Case ID: f2d_579/html/0046-02.html
Source: Caselaw Access Project
Author: {"author": "BAUER, Circuit Judge.", "license": "Public Domain", "url": "https://static.case.law/"}
Date Created: 2024-08-24T03:29:51.129683

UNITED STATES of America, Plaintiff-Appellee, v. Harry S. BARNES, Defendant-Appellant.
    No. 77-1634.
    United States Court of Appeals, Seventh Circuit.
    Submitted Jan. 11, 1978.
    Decided June 23, 1978.
    
      Edwin R. McCullough, Chicago, Ill., for defendant-appellant.
    David T. Ready, U. S. Atty., South Bend, Ind., for plaintiff-appellee.
    Before FAIRCHILD, Chief Judge, BAUER, Circuit Judge, and EAST, Senior District Judge.
    
    
      
       The Honorable William G. East, United States District Court for the District of Oregon, is sitting by designation.
    
   BAUER, Circuit Judge.

After a jury trial, Barnes was found guilty of two counts of passing forged money orders in violation of 18 U.S.C. § 500 and was sentenced to concurrent terms of five years’ imprisonment. On appeal, he contends that the evidence was insufficient as a matter of law to establish that he knew the money orders were stolen or forged, and thus that he passed the orders with intent to defraud. We disagree and affirm his conviction for the reasons noted below.

I.

The evidence presented at trial unequivocally showed that Barnes passed two stolen money orders that had been issued'by use of a money order machine and validating stamp also stolen from the United States Postal Service. It was Barnes’s theory of defense at trial that he did not know that the money orders had been stolen and forged. According to him, a man named “Jim” had given him the blank money orders in repayment for a loan and had told him that he could put any names he wanted on the orders as payors and payees. Barnes in fact did fill out the orders with the names of a fictitious payor and payee,’ and then negotiated the orders by endorsing them in the name of the fictitious payee.

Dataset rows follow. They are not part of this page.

(* Let $\mathbb X,\mathbb Y$ be Euclidean spaces, $\Phi\colon\mathbb X\rightrightarrows\mathbb Y$ a set-valued mapping whose graph is closed locally around $(\bar x,\bar y)\in\operatorname{gph}\Phi$, $u\in\mathbb S_{\mathbb X}$, and $\gamma\ge1$. If $\ker D^*_\gamma\Phi((\bar x,\bar y);(u,0))\subset\{0\}$, then $\Phi$ is metrically pseudo-subregular of order $\gamma$ at $(\bar x,\bar y)$ in direction $u$.
   Context: Pseudo-coderivative of order $\gamma$: $x^*\in D^*_\gamma\Phi((\bar x,\bar y);(u,v))(y^* )$ iff there are $u_k\to u$, $v_k\to v$, $t_k\downarrow0$, $x_k^*\to x^*$, $y_k^*\to y^*$ with $(x_k^*,-y_k^*/(t_k\|u_k\|)^{\gamma-1})\in\widehat{\mathcal N}_{\operatorname{gph}\Phi}(\bar x+t_ku_k,\bar y+(t_k\|u_k\|)^\gamma v_k)$ for all $k$ ($\widehat{\mathcal N}$ the regular normal cone); $\ker\Psi=\{y^*\mid 0\in\Psi(y^* )\}$. Metric pseudo-subregularity of order $\gamma$ in direction $u$: there are $\varepsilon,\delta,\kappa>0$ with $\|x-\bar x\|^{\gamma-1}\operatorname{dist}(x,\Phi^{-1}(\bar y))\le\kappa\operatorname{dist}(\bar y,\Phi(x))$ for all $x\in\bar x+\mathbb B_{\varepsilon,\delta}(u)$, where $\mathbb B_{\varepsilon,\delta}(u)=\{w\mid\|\|w\|u-\|u\|w\|\le\delta\|u\|\|w\|,\ \|w\|\le\varepsilon\}$. *)

From HB Require Import structures.
From mathcomp Require Import all_boot all_order all_algebra.
From mathcomp Require Import boolp classical_sets reals constructive_ereal ereal exp.
Set Implicit Arguments. Unset Strict Implicit. Unset Printing Implicit Defensive.
Import Order.TTheory GRing.Theory Num.Theory.
Local Open Scope classical_set_scope.
Local Open Scope ring_scope.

In support of his contention that the evidence was insufficient as a matter of law to sustain his convictions, Barnes principally relies on United States v. Kelley, 186 F.2d 598, 602 (7th Cir. 1951), wherein the court noted that the mere passing of a counterfeit note was insufficient in itself to establish that the defendant knew the note was forged and thus had passed it with intent to defraud.

We, of course, have no quarrel with the Kelley court’s observation that the mere passing of a counterfeit instrument, without more, is insufficient in itself to establish beyond a reasonable doubt that the defendant knew the instrument to be counterfeit and thus passed it with intent to defraud. As the court also observed in that case, however, guilty knowledge and intent to defraud can rarely be established by direct evidence and thus must often be inferred from the facts and circumstances of record. In the case at bar, the evidence showed much more than the mere passing of a forged money order, for the defendant had not only passed the order but also had endorsed it in the name of a fictitious payee after having made the order out to the payee in the name of a fictitious payor. From the evidence the jury could properly infer that Barnes knew the money order he had made out was stolen or forged, just as the Kelley jury properly inferred that the defendant must have known the note to be counterfeit because of the defendant’s efforts to conceal and destroy the other counterfeit notes in his possession. See id. at 603. Moreover, no inference of guilty knowledge was even necessary in this case because the defendant admitted to having falsely endorsed the orders in the name of the fictitious payee to whom he had made the order out. He thus must have known that a material signature and endorsement on the orders was false. 18 U.S.C. § 500. We hold that the evidence was more than sufficient as a matter of law to sustain the jury’s finding that the defendant passed the orders with intent to defraud and knowledge that a material signature thereon was false.

Accordingly, the district court’s judgment is

AFFIRMED. 
      
       Defendant’s contention that his endorsement of the orders in the name of a fictitious payee was not a materially false signature is frivolous. Nothing could be more materially false than the purported endorsement of a fictitious payee. See United States v. Ackerman, 393 F.2d 121 (7th Cir. 1968); United States v. Di Pietroantonio, 289 F.2d 122 (2d Cir. 1961); Hanson v. United States, 271 F.2d 791 (9th Cir. 1959).